Reeves AN/MSQ-35
- Country of origin: United States
- Manufacturer: Reeves Instrument Corporation
- Range: 200,000 yd (99 nmi; 180 km) beacon track
- Precision: 65 yd (59 m) Azimuth: 18 mils (1.0125 deg)

= AN/MSQ-35 Bomb Scoring Central =

US military computerized tracking radar

The Reeves AN/MSQ-35 Bomb Scoring Central was a United States Air Force dual radar system with computerized plotting board. It was used by the 1st Combat Evaluation Group to evaluate the accuracy of Strategic Air Command bomber crews.

In accordance with the Joint Electronics Type Designation System (JETDS), the "AN/MSQ-35" designation represents the 35th design of an Army-Navy electronic device for ground mobile special combination equipment. The JETDS system also now is used to name all Department of Defense electronic systems.

==Description==
The central had a 20 rpm Acquisition Radar System with a variable "fan-shaped beam" in elevation and an Interrogator Set AN/TPX-27 for identification friend or foe. The central's trailer van for operations had the separate AN/MSQ-54 Bomb Scoring Set with an automatic tracking radar group (OA-450/FSA-4 Receiver-Transmitter Control Group), a computer group with analog vacuum tube circuitry and on the roof, the antenna group. A communications group provided a link for receiving the aircraft's signal at simulated bomb release, and additional vehicles included a V-280 maintenance van and a V-287 flatbed trailer for transporting the radar/IFF antennas.

==Operation==
In addition to providing a conventional plot of the aircraft bomb run, the computer group automated the previously manual "bomb plot" in which technicians used time-of-flight charts for air drag and drew lengths of line from the release point to the vacuum impact point and then to an estimate impact point for drag and crosswind. By automatically using "ballistic data" such as time-of-fall to determine vacuum impact point, the AN/MSQ-35 computed bomb "score data [that was] printed out on tape" from a paper roll.

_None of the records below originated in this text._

(* The bracket of basis elements
   x, y of psl(2|2) in hat-psl(2|2) is ([x,y], f(x,y)) where [x,y] in psl(2|2)
   has coordinates w, i.e. psl_lin w is congruent modulo C*I_4 to the
   supercommutator of the representatives; central elements bracket to 0. *)
Definition is_rep_hpsl (F : fieldType)
    (th : (pb -> F) -> (cb -> F) -> 'M[F]_4) : Prop :=
  [/\ (forall (k : F) (u1 u2 : pb -> F) (z1 z2 : cb -> F),
         th (fun x => k * u1 x + u2 x) (fun c => k * z1 c + z2 c)
         = k *: th u1 z1 + th u2 z2),
      (forall x : pb, homog (pb_odd x) (th (pbasis F x) (zero_c F))),
      (forall c : cb, homog false (th (zero_p F) (cbasis F c))),
      (forall (x y : pb) (w : pb -> F),
         (exists k : F, psl_lin w
              - scomm (pb_odd x) (pb_odd y) (psl_rep F x) (psl_rep F y) = k%:M) ->
         th w (cocycle F x y)
         = scomm (pb_odd x) (pb_odd y)
             (th (pbasis F x) (zero_c F)) (th (pbasis F y) (zero_c F)))
    & (forall (c : cb) (x : pb),
         scomm false (pb_odd x) (th (zero_p F) (cbasis F c))
               (th (pbasis F x) (zero_c F)) = 0
         /\ forall d : cb,
         scomm false false (th (zero_p F) (cbasis F c))
               (th (zero_p F) (cbasis F d)) = 0)].

Definition even_proj (F : fieldType) : 'M[F]_4 :=
  \matrix_(i, j) (if (i == j) && ~~ idx_odd i then 1 else 0).

(* Subspaces are
   row spaces of U; vectors are rows, so v |-> th(g) v reads u |-> u *m th(g)^T. *)
Definition is_irreducible_srep (F : fieldType)
    (th : (pb -> F) -> (cb -> F) -> 'M[F]_4) : Prop :=
  forall U : 'M[F]_4,
    (U *m even_proj F <= U)%MS ->
    (forall (u : pb -> F) (z : cb -> F), (U *m (th u z)^T <= U)%MS) ->
    U = 0 \/ row_full U.

Definition T3m (F : fieldType) (l a : F) : 'M[F]_4 := l *: Emx F 1 3 + a *: Emx F 4 2.
Definition T2m (F : fieldType) (l a : F) : 'M[F]_4 := - l *: Emx F 1 4 + a *: Emx F 3 2.
Definition D4m (F : fieldType) (l a : F) : 'M[F]_4 := l *: Emx F 2 4 + a *: Emx F 3 1.
Definition D1m (F : fieldType) (l a : F) : 'M[F]_4 := - l *: Emx F 2 3 + a *: Emx F 4 1.
Definition T1m (F : fieldType) (l b : F) : 'M[F]_4 := b *: Emx F 1 4 + l^-1 *: Emx F 3 2.
Definition T4m (F : fieldType) (l b : F) : 'M[F]_4 := b *: Emx F 1 3 - l^-1 *: Emx F 4 2.
Definition D2m (F : fieldType) (l b : F) : 'M[F]_4 := b *: Emx F 2 3 + l^-1 *: Emx F 4 1.
Definition D3m (F : fieldType) (l b : F) : 'M[F]_4 := b *: Emx F 2 4 - l^-1 *: Emx F 3 1.
Lemma dyad_nested I J x : in_dyad I x -> in_dyad J x -> (dj I <= dj J)%Z -> dsub I J.
Proof.
  intros HI HJ Hle.
  set (k := Z.to_nat (dj J - dj I)).
  assert (Ej : dj J = (dj I + Z.of_nat k)%Z) by (unfold k; lia).
  set (p := powerRZ 2 (dj I)). assert (Hp : 0 < p) by apply pow2_pos.
  set (K := (2 ^ k)%nat).
  (* in units of [p], I = [dm I, dm I + 1) and J = [K dm J, K dm J + K) *)
  assert (HlJ : dleft J = p * INR (K * dm J)).
  { unfold dleft. rewrite Ej, pow2_shift, mult_INR. unfold K. rewrite pow_INR.
    simpl (INR 2). fold p. replace (1 + 1) with 2 by ring. ring. }
  assert (HrJ : dleft J + dlen J = p * INR (K * dm J + K)).
  { rewrite HlJ. unfold dlen. rewrite Ej, pow2_shift, plus_INR. unfold K.
    rewrite pow_INR. simpl (INR 2). fold p. replace (1 + 1) with 2 by ring. ring. }
  assert (HlI : dleft I = p * INR (dm I)) by reflexivity.
  assert (HrI : dleft I + dlen I = p * INR (dm I + 1))
    by (rewrite plus_INR; unfold dleft, dlen; fold p; simpl; ring).
  rewrite in_dyad_iff in HI, HJ.
  assert (A1 : (K * dm J <= dm I)%nat).
  { assert (p * INR (K * dm J) < p * INR (dm I + 1)) as Hlt by lra.
    apply Rmult_lt_reg_l, INR_lt in Hlt; auto. lia. }
  assert (A2 : (dm I + 1 <= K * dm J + K)%nat).
  { assert (p * INR (dm I) < p * INR (K * dm J + K)) as Hlt by lra.
    apply Rmult_lt_reg_l, INR_lt in Hlt; auto. lia. }
  apply le_INR in A1, A2.
  intros z Hz. rewrite in_dyad_iff in *. split.
  - rewrite HlJ. apply Rle_trans with (p * INR (dm I)); [apply Rmult_le_compat_l|]; lra.
  - rewrite HrJ. apply Rlt_le_trans with (p * INR (dm I + 1)); [lra|].
    apply Rmult_le_compat_l; lra.
Qed.

Lemma tile_le_refl P : tile_le P P.
Proof. split; intros x Hx; auto. Qed.
Lemma solves0_const x y kap : solves 0 0 0 (x, y, kap) ->
  [/\ x = 0, y = 0 & forall i, kap i = kap ord0].
Proof.
move=> sol; have energy := solves0_energy sol; have [[y_0 _] _] := sol.
have Sk_ge0 : 0 <= tau / a * stiff kap kap by rewrite mulr_ge0 ?stiff_ge0 // divr_ge0 // ltW.
have B_ge0 : 0 <= a / (eta * tau) * (x ord0 ^+ 2 + x ord_max ^+ 2).
  by rewrite mulr_ge0 ?divr_ge0 ?mulr_ge0 ?addr_ge0 ?sqr_ge0 ?ltW.
have Sx_ge0 : 0 <= stiff x x := stiff_ge0 x.
have Sy_ge0 : 0 <= stiff y y := stiff_ge0 y.
have Sx0 : stiff x x = 0 by lra.
have Sy0 : stiff y y = 0 by lra.
have Sk0 : stiff kap kap = 0.
  have : tau / a * stiff kap kap = 0 by lra.
  by move/eqP; rewrite mulf_eq0 gt_eqF ?divr_gt0 // => /eqP.
have x_0 : x ord0 = 0.
  have : a / (eta * tau) * (x ord0 ^+ 2 + x ord_max ^+ 2) = 0 by lra.
  move/eqP; rewrite mulf_eq0 gt_eqF ?divr_gt0 ?mulr_gt0 //=.
  by rewrite paddr_eq0 ?sqr_ge0 // sqrf_eq0 => /andP[/eqP].
split; last exact: stiff_eq0_const elen_gt0 Sk0.
- by apply/ffunP => i; rewrite (stiff_eq0_const elen_gt0 Sx0) x_0 nodal0E.
- by apply/ffunP => i; rewrite (stiff_eq0_const elen_gt0 Sy0) y_0 nodal0E.
Qed.

Lemma solves0_eq0 u : solves 0 0 0 u -> u = 0.
Proof.
case: u => [[x y] kap] sol; have [x0 y0 kc] := solves0_const sol.
have [_ [_ eq_omega]] := sol.
have K0_0 : in_K0 (0 : nodal) by split; apply: nodal0E.
have end_eq0 (e z : R) : 0 < e -> 2^-1 * (e * z) = 0 -> z = 0.
  by move=> e_gt0 /eqP; rewrite !mulf_eq0 invr_eq0 pnatr_eq0 (gt_eqF e_gt0) /= => /eqP.
have k1 : kap ord0 * nrm1 xt yt 1 = 0.
  apply: (end_eq0 (elen xt yt 1)); first exact: elen_gt0.
  by move: (eq_omega (hat ord0) 0 K0_0); rewrite x0 y0 res_omega0_hat_first.
have kN : kap ord0 * nrm1 xt yt N = 0.
  apply: (end_eq0 (elen xt yt N)); first by rewrite elen_gt0 ?N_gt0 /=.
  by move: (eq_omega (hat ord_max) 0 K0_0); rewrite x0 y0 res_omega0_hat_last kc.
have k_0 : kap ord0 = 0.
  have : kap ord0 ^+ 2 * (nrm1 xt yt 1 ^+ 2 + nrm1 xt yt N ^+ 2) = 0.
    by rewrite mulrDr -!exprMn k1 kN !expr2 !mul0r addr0.
  by move/eqP; rewrite mulf_eq0 (gt_eqF end_normals) orbF sqrf_eq0 => /eqP.
have k0 : kap = 0 by apply/ffunP => i; rewrite kc k_0 nodal0E.
by rewrite x0 y0 k0.
Qed.

Lemma residual_uniq_root xh yh sigma : exists! u, residual xh yh sigma u = 0.
Proof.
pose T := residual 0 0 0.
have T_linear : linear T.
  by move=> c w1 w2; rewrite /T -residual_linear scaler0 mulr0 !addr0.
have T_ker0 u : T u = 0 -> u = 0 by move/residual_eq0/solves0_eq0.
have residualE u : residual xh yh sigma u = T u + residual xh yh sigma 0.
  by have := residual_linear 1 0 0 0 u xh yh sigma 0; rewrite !scale1r mul1r !add0r addr0.
have [u [Tu u_uniq]] := linear_ker0_bijective T_linear T_ker0 (- residual xh yh sigma 0).
exists u; split=> [|v]; first by rewrite residualE Tu addNr.
by rewrite residualE => /eqP; rewrite addr_eq0 => /eqP /u_uniq.
Qed.
(* Let $T\in\mathrm{Aut}_1(X,\mathcal{A},\mu)$. If $T$ is conservative, then $\chi(T)=0$.
   Context: $(X,\mathcal{A},\mu)$ is a standard $\sigma$-finite non-atomic measure space. For an invertible nonsingular $T$, $T':=\frac{d\mu\circ T^{-1}}{d\mu}$; $\mathrm{Aut}_1(X,\mathcal{A},\mu)$ is the group of invertible nonsingular $T$ with $T'-1\in L^1(\mu)$, and $\chi(T):=\int_X(T'-1)\,d\mu$. $T$ is conservative if for every $A\in\mathcal A$ with $\mu(A)>0$ there is $n>0$ with $\mu(T^{-n}A\cap A)>0$. *)

From HB Require Import structures.
From mathcomp Require Import all_boot all_order all_algebra.
From mathcomp Require Import all_classical all_reals all_analysis.
From mathcomp Require Import measurable_realfun lebesgue_measure lebesgue_integral.
Set Implicit Arguments. Unset Strict Implicit. Unset Printing Implicit Defensive.
Import Order.TTheory GRing.Theory Num.Theory.
Local Open Scope classical_set_scope.
Local Open Scope ring_scope.

(* Standard (Borel) measurable space: X is Borel isomorphic to a Borel subset
   of the real line R (with its Borel sigma-algebra). *)
Definition standard_space (d : measure_display) (X : measurableType d)
  (R : realType) : Prop :=
  exists f : X -> R,
    [/\ injective f, measurable_fun [set: X] f, measurable (range f)
      & forall A : set X, measurable A -> measurable (f @` A)].

Definition non_atomic (d : measure_display) (X : measurableType d)
  (R : realType) (mu : set X -> \bar R) : Prop :=
  forall A : set X, measurable A -> (0 < mu A)%E ->
    exists B : set X, [/\ measurable B, B `<=` A, (0 < mu B)%E & (mu B < mu A)%E].
Definition avoids X F := forall U, F U != 0 -> [disjoint U & X].

Lemma gmul_support (P : pred {set gen V}) F G :
  (forall S T, F S != 0 -> G T != 0 -> [disjoint S & T] -> P (S :|: T)) ->
  forall U, gmul F G U != 0 -> P U.
Proof.
move=> FGP U; apply: contraR => nPU; rewrite ffunE big1 // => S _.
rewrite big1 // => T _; case: ifP => // /andP[ST /eqP STU].
have [-> | FS] := eqVneq (F S) 0; first by rewrite mulr0 mul0r.
have [-> | GT] := eqVneq (G T) 0; first by rewrite mulr0.
by move: (FGP S T FS GT ST); rewrite STU (negbTE nPU).
Qed.

Lemma avoids0 X : avoids X 0.
Proof. by move=> U; rewrite ffunE eqxx. Qed.

Lemma avoidsD X F G : avoids X F -> avoids X G -> avoids X (F + G).
Proof.
move=> XF XG U; rewrite coefD.
by have [FU | /XF //] := eqVneq (F U) 0; rewrite FU add0r => /XG.
Qed.

Lemma avoidsZ X c F : avoids X F -> avoids X (c *: F).
Proof.
move=> XF U; rewrite coefZ.
by have [-> | /XF //] := eqVneq (F U) 0; rewrite mulr0 eqxx.
Qed.

Lemma avoids_sum X (I : Type) (r : seq I) (P : pred I) (Fi : I -> grass K V) :
  (forall x, P x -> avoids X (Fi x)) -> avoids X (\sum_(i <- r | P i) Fi i).
Proof. by apply: big_ind; [exact: avoids0 | exact: avoidsD]. Qed.

Lemma avoids_mul X F G : avoids X F -> avoids X G -> avoids X (gmul F G).
Proof. by move=> XF XG; apply: gmul_support => S T FS GT _; rewrite disjointsUl XF ?XG. Qed.

Lemma avoids_mono X S : [disjoint S & X] -> avoids X (gmono S).
Proof. by move=> SX U; rewrite ffunE; have [-> | _] := eqVneq U S; rewrite ?eqxx. Qed.

Lemma avoids_gen b i k : i != k -> avoids (pairset k) (gmono [set (b, i)]).
Proof.
by move=> ik; apply: avoids_mono; rewrite disjoints1 !inE !xpair_eqE (negbTE ik) !andbF.
Qed.

Lemma tau_avoids A k : k \notin A -> avoids (pairset k) (tau A).
Proof.
move=> kA; rewrite tauE; apply: big_ind => [|F G|i iA]; first exact/avoids_mono/disjoint0s.
  exact: avoids_mul.
by apply: avoids_mul; apply: avoids_gen; apply: contraNneq kA => <-.
Qed.

Definition tau_del A : grass K V := \sum_(i in A) tau (A :\ i).

Definition hop A : grass K V :=
  \sum_(i in A) \sum_(j in A | j != i) gmul (gmul (psibar i) (psi j)) (tau (A :\ i :\ j)).

Lemma fAE lam A : fA lam A = (lam * (1 - #|A|%:R)) *: tau A + tau_del A - hop A.
Proof. by rewrite /fA !gaddE !gscaleE scaleN1r. Qed.

Lemma fA_avoids lam A k : k \notin A -> avoids (pairset k) (fA lam A).
Proof.
have neq i : i \in A -> k \notin A -> i != k by move=> iA; apply: contraNneq => <-.
move=> kA; rewrite fAE; apply: avoidsD; last first.
  rewrite -scaleN1r; apply/avoidsZ/avoids_sum => i iA; apply: avoids_sum => j /andP[jA _].
  apply: avoids_mul; first by apply: avoids_mul; apply: avoids_gen; apply: neq.
  by apply: tau_avoids; rewrite !in_setD1 (negbTE kA) !andbF.
apply: avoidsD; first exact/avoidsZ/tau_avoids.
by apply: avoids_sum => i iA; apply: tau_avoids; rewrite in_setD1 (negbTE kA) andbF.
Qed.

Lemma berezin1_is_linear k : linear (berezin1 k : grass K V -> grass K V).
Proof.
move=> c F G; rewrite /berezin1 !gbigE scaler_sumr -big_split; apply: eq_bigr => S _.
by rewrite !gscaleE coefD coefZ mulrDl -mulrA scalerDl scalerA.
Qed.

HB.instance Definition _ k :=
  GRing.isLinear.Build K (grass K V) (grass K V) _ (berezin1 k) (berezin1_is_linear k).

Lemma berezin1_eq0 k G :
  (forall U, G U != 0 -> ~~ (pairset k \subset U)) -> berezin1 k G = 0.
Proof.
move=> GU; rewrite /berezin1 gbigE big1 // => S kS.
have [-> | /GU] := eqVneq (G S) 0; first by rewrite mul0r gscaleE scale0r.
by rewrite kS.
Qed.

Lemma berezin1_tau1_mono k S : [disjoint S & pairset k] ->
  berezin1 k (gmul (tau1 k) (gmono S)) = gmono S.
Proof.
move=> Sk.
have tau1S : gmul (tau1 k) (gmono S) =
    (gsign [set (true, k)] [set (false, k)] * gsign (pairset k) S) *:
      gmono (pairset k :|: S).
  by rewrite tau1E gmulZl gmul_mono disjoint_sym Sk scalerA.
rewrite /berezin1 gbigE (bigD1 (pairset k :|: S)) ?subsetUl //= big1 => [|U /andP[_ UkS]].
  rewrite addr0 setDUl setDv set0U (setDidPl Sk) -/(tau1 k) tau1S coefZ ffunE eqxx.
  by rewrite mulr1 gscaleE mulrACA !gsign_sq mulr1 scale1r.
by rewrite tau1S coefZ ffunE (negbTE UkS) mulr0 mul0r gscaleE scale0r.
Qed.

Lemma berezin1_tau1 k G : avoids (pairset k) G -> berezin1 k (gmul (tau1 k) G) = G.
Proof.
move=> kG; rewrite [in LHS](grass_expand G) gmul_sumr linear_sum [in RHS](grass_expand G).
apply: eq_bigr => S _; rewrite gmulZr linearZZ.
have [-> | /kG Sk] := eqVneq (G S) 0; first by rewrite !scale0r.
by rewrite /= berezin1_tau1_mono.
Qed.

Definition berezin_at k t G := berezin1 k (gmul (gexp (t *: tau1 k)) G).

Lemma berezin_atE k t G :
  berezin_at k t G = berezin1 k G + t *: berezin1 k (gmul (tau1 k) G).
Proof. by rewrite /berezin_at gexp_tau1 gmulDl gmul1l gmulZl linearD linearZZ. Qed.

Lemma berezin_at_is_linear k t : linear (berezin_at k t).
Proof. by move=> c F G; rewrite /berezin_at gmulDr gmulZr linearPZ. Qed.

HB.instance Definition _ k t := GRing.isLinear.Build K (grass K V) (grass K V) _
  (berezin_at k t) (berezin_at_is_linear k t).

Lemma berezin_at_sum k t (I : Type) (r : seq I) (P : pred I) (Fi : I -> grass K V) :
  berezin_at k t (\sum_(i <- r | P i) Fi i) = \sum_(i <- r | P i) berezin_at k t (Fi i).
Proof. exact: linear_sum. Qed.

Lemma berezin_at_avoids k t G : avoids (pairset k) G -> berezin_at k t G = t *: G.
Proof.
move=> kG; rewrite berezin_atE berezin1_tau1 // berezin1_eq0 ?add0r // => U /kG kU.
apply: contraTN kU => /subsetP/(_ _ (psi_pairset k)) kU.
by apply/negP => /disjointFl/(_ (psi_pairset k)); rewrite kU.
Qed.

Lemma berezin_at_tau1 k t G :
  avoids (pairset k) G -> berezin_at k t (gmul (tau1 k) G) = G.
Proof.
move=> kG; rewrite berezin_atE berezin1_tau1 // -gmulA tau1_sq gmul0l.
by rewrite linear0 scaler0 addr0.
Qed.

(* The monomials of G contain exactly one of psi_k, psibar_k: the integral kills
   them, and their product with tau1 k vanishes as they share a generator. *)
Lemma berezin_at_eq0 k t G :
  (forall U, G U != 0 -> ~~ (pairset k \subset U) && ~~ [disjoint U & pairset k]) ->
  berezin_at k t G = 0.
Proof.
move=> GU; rewrite berezin_atE berezin1_eq0 => [|U /GU /andP[] //].
rewrite add0r (grass_expand G) gmul_sumr big1 ?linear0 ?scaler0 // => S _.
have [-> | /GU /andP[_ Sk]] := eqVneq (G S) 0; first by rewrite scale0r gmul0r.
by rewrite gmulZr tau1E gmulZl gmul_mono disjoint_sym (negbTE Sk) !scaler0.
Qed.

Lemma berezin_at_mono_eq0 k t S G x y : x \in pairset k -> y \in pairset k ->
  x \in S -> y \notin S -> avoids (pairset k) G ->
  berezin_at k t (gmul (gmono S) G) = 0.
Proof.
move=> xk yk xS yS kG; apply: berezin_at_eq0; apply: gmul_support => S' T.
rewrite ffunE; have [-> _ /kG Tk _ | _] := eqVneq S' S; last by rewrite eqxx.
apply/andP; split.
  by apply: contraNN yS => /subsetP/(_ _ yk); rewrite inE (disjointFl Tk yk) orbF.
by apply/negP => /disjointsP/(_ x); rewrite inE xS; apply.
Qed.

Lemma berezin_at_psibar_vertex k t j G : j != k -> avoids (pairset k) G ->
  berezin_at k t (gmul (gmul (psibar k) (psi j)) G) = 0.
Proof.
move=> jk kG; rewrite /psibar /psi gmul_mono; case: ifP => _; last by rewrite gmul0l linear0.
rewrite gmulZl linearZZ /= (@berezin_at_mono_eq0 _ _ _ _ (true, k) (false, k)) ?scaler0 //.
- exact: psibar_pairset.
- exact: psi_pairset.
- by rewrite !inE eqxx.
by rewrite !inE !xpair_eqE /= [k == _]eq_sym (negbTE jk).
Qed.

Lemma berezin_at_psi_vertex k t i G : i != k -> avoids (pairset k) G ->
  berezin_at k t (gmul (gmul (psibar i) (psi k)) G) = 0.
Proof.
move=> ik kG; rewrite /psibar /psi gmul_mono; case: ifP => _; last by rewrite gmul0l linear0.
rewrite gmulZl linearZZ /= (@berezin_at_mono_eq0 _ _ _ _ (false, k) (true, k)) ?scaler0 //.
- exact: psi_pairset.
- exact: psibar_pairset.
- by rewrite !inE eqxx orbT.
by rewrite !inE !xpair_eqE /= [k == _]eq_sym (negbTE ik).
Qed.

Lemma berezin_at_tau_in k t A : k \in A -> berezin_at k t (tau A) = tau (A :\ k).
Proof.
by move=> kA; rewrite (tau_D1 kA) berezin_at_tau1 //; apply: tau_avoids; rewrite setD11.
Qed.

Lemma berezin_at_tau_notin k t A : k \notin A -> berezin_at k t (tau A) = t *: tau A.
Proof. by move=> kA; rewrite berezin_at_avoids //; apply: tau_avoids. Qed.

Lemma berezin_at_fA_notin k t lam A : k \notin A ->
  berezin_at k t (fA lam A) = t *: fA lam A.
Proof. by move=> kA; rewrite berezin_at_avoids //; apply: fA_avoids. Qed.

Lemma berezin_at_tau_del k t A : k \in A ->
  berezin_at k t (tau_del A) = t *: tau (A :\ k) + tau_del (A :\ k).
Proof.
move=> kA; rewrite /tau_del berezin_at_sum (big_setD1 _ kA).
rewrite berezin_at_tau_notin; last by rewrite setD11.
congr (_ + _); apply: eq_bigr => i /setD1P[ik iA].
by rewrite berezin_at_tau_in 1?setD1C // in_setD1 eq_sym ik.
Qed.

Lemma berezin_at_hop_term k t A i j : k \in A -> i != k -> j != k ->
  berezin_at k t (gmul (gmul (psibar i) (psi j)) (tau (A :\ i :\ j))) =
  gmul (gmul (psibar i) (psi j)) (tau (A :\ k :\ i :\ j)).
Proof.
move=> kA ik jk; have kAij : k \in A :\ i :\ j by rewrite !in_setD1 kA !(eq_sym k) ik jk.
rewrite (tau_D1 kAij) -gmulA -tau1C gmulA berezin_at_tau1; last first.
  apply: avoids_mul; first by apply: avoids_mul; apply: avoids_gen.
  by apply: tau_avoids; rewrite setD11.
by rewrite [A :\ i :\ j :\ k]setD1C [A :\ i :\ k]setD1C.
Qed.

Lemma berezin_at_hop k t A : k \in A -> berezin_at k t (hop A) = hop (A :\ k).
Proof.
move=> kA; rewrite /hop berezin_at_sum (big_setD1 _ kA) berezin_at_sum.
rewrite big1 => [|j /andP[_ jk]].
  rewrite Monoid.simpm; apply: eq_bigr => i /setD1P[ik iA].
  rewrite berezin_at_sum (bigD1 k); last by rewrite kA eq_sym ik.
  rewrite berezin_at_psi_vertex //; last by apply: tau_avoids; rewrite setD11.
  rewrite Monoid.simpm (eq_bigl (fun j => (j \in A :\ k) && (j != i))) => [|j]; last first.
    by rewrite in_setD1; case: (j != k); rewrite ?andbT ?andbF.
  by apply: eq_bigr => j /andP[/setD1P[jk _] _]; apply: berezin_at_hop_term.
by apply: berezin_at_psibar_vertex => //; apply: tau_avoids; rewrite setD1C setD11.
Qed.

Lemma berezin_at_fA_in k t lam A : k \in A ->
  berezin_at k t (fA lam A) = fA lam (A :\ k) + (t - lam) *: tau (A :\ k).
Proof.
move=> kA; rewrite !fAE !linearB linearD linearZZ /= berezin_at_tau_in //.
rewrite berezin_at_tau_del // berezin_at_hop // (cardsD1 k A) kA add1n -natr1.
apply/ffunP => U; rewrite !(coefD, coefN, coefZ); ring.
Qed.

Lemma berezin_at_fold lam A (t : V -> K) (s : seq V) : uniq s ->
  foldr (fun i G => berezin_at i (t i) G) (fA lam A) s =
  (\prod_(i <- s | i \notin A) t i) *:
    (fA lam (A :\: [set x in s]) +
     (\sum_(i <- s | i \in A) (t i - lam)) *: tau (A :\: [set x in s])).
Proof.
elim: s => [_ | a s IHs /= /andP[aS us]].
  have -> : [set x in [::]] = set0 :> {set V} by apply/setP => x; rewrite !inE.
  by rewrite !big_nil scale0r addr0 scale1r setD0.
rewrite {}IHs // !big_cons linearZZ linearD linearZZ /=.
have -> : A :\: [set x in a :: s] = A :\: [set x in s] :\ a.
  by apply/setP => x; rewrite !inE negb_or andbA andbC.
set A' := A :\: [set x in s].
have [aA | aA] := boolP (a \in A).
  have aA' : a \in A' by rewrite !inE aA andbT.
  rewrite berezin_at_fA_in // berezin_at_tau_in //.
  by apply/ffunP => U; rewrite !(coefD, coefZ); ring.
have aA' : a \notin A' by rewrite !inE negb_and aA orbT.
have -> : A' :\ a = A' by apply/setDidPl; rewrite disjoint_sym disjoints1.
rewrite berezin_at_fA_notin // berezin_at_tau_notin //.
by apply/ffunP => U; rewrite !(coefD, coefZ); ring.
Qed.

==Development and training==
The X-band Western Electric M-33 Fire Control System "was utilized as a basic building block" for the X-band AN/MSQ-35, and "techniques established during [the] AN/USQ-9 development program were utilized in the AN/MSQ-35 production program." In 1962 the Reeves Instrument Corporation production facility hosted the first class for AN/MSQ-35 operators, and the central's field testing was in early 1963 at White Sands Missile Range.

==Deployment==
The AN/MSQ-35 military school was initially at the Aberdeen Proving Ground (where the M-33 school had been located) and the central eventually became the instructional radar used at the 40-week Keesler Air Force Base technical training school for Automatic Tracking Radar Specialists (AUTOTRACK). The Final Engineering Report for the AN/MSQ-35 was published in December 1965 after it was used as the basis for developing the 1965 Reeves AN/MSQ-77 Bomb Directing Central with integrating computer for Combat Skyspot ground-directed bombing in the then-ongoing Vietnam War.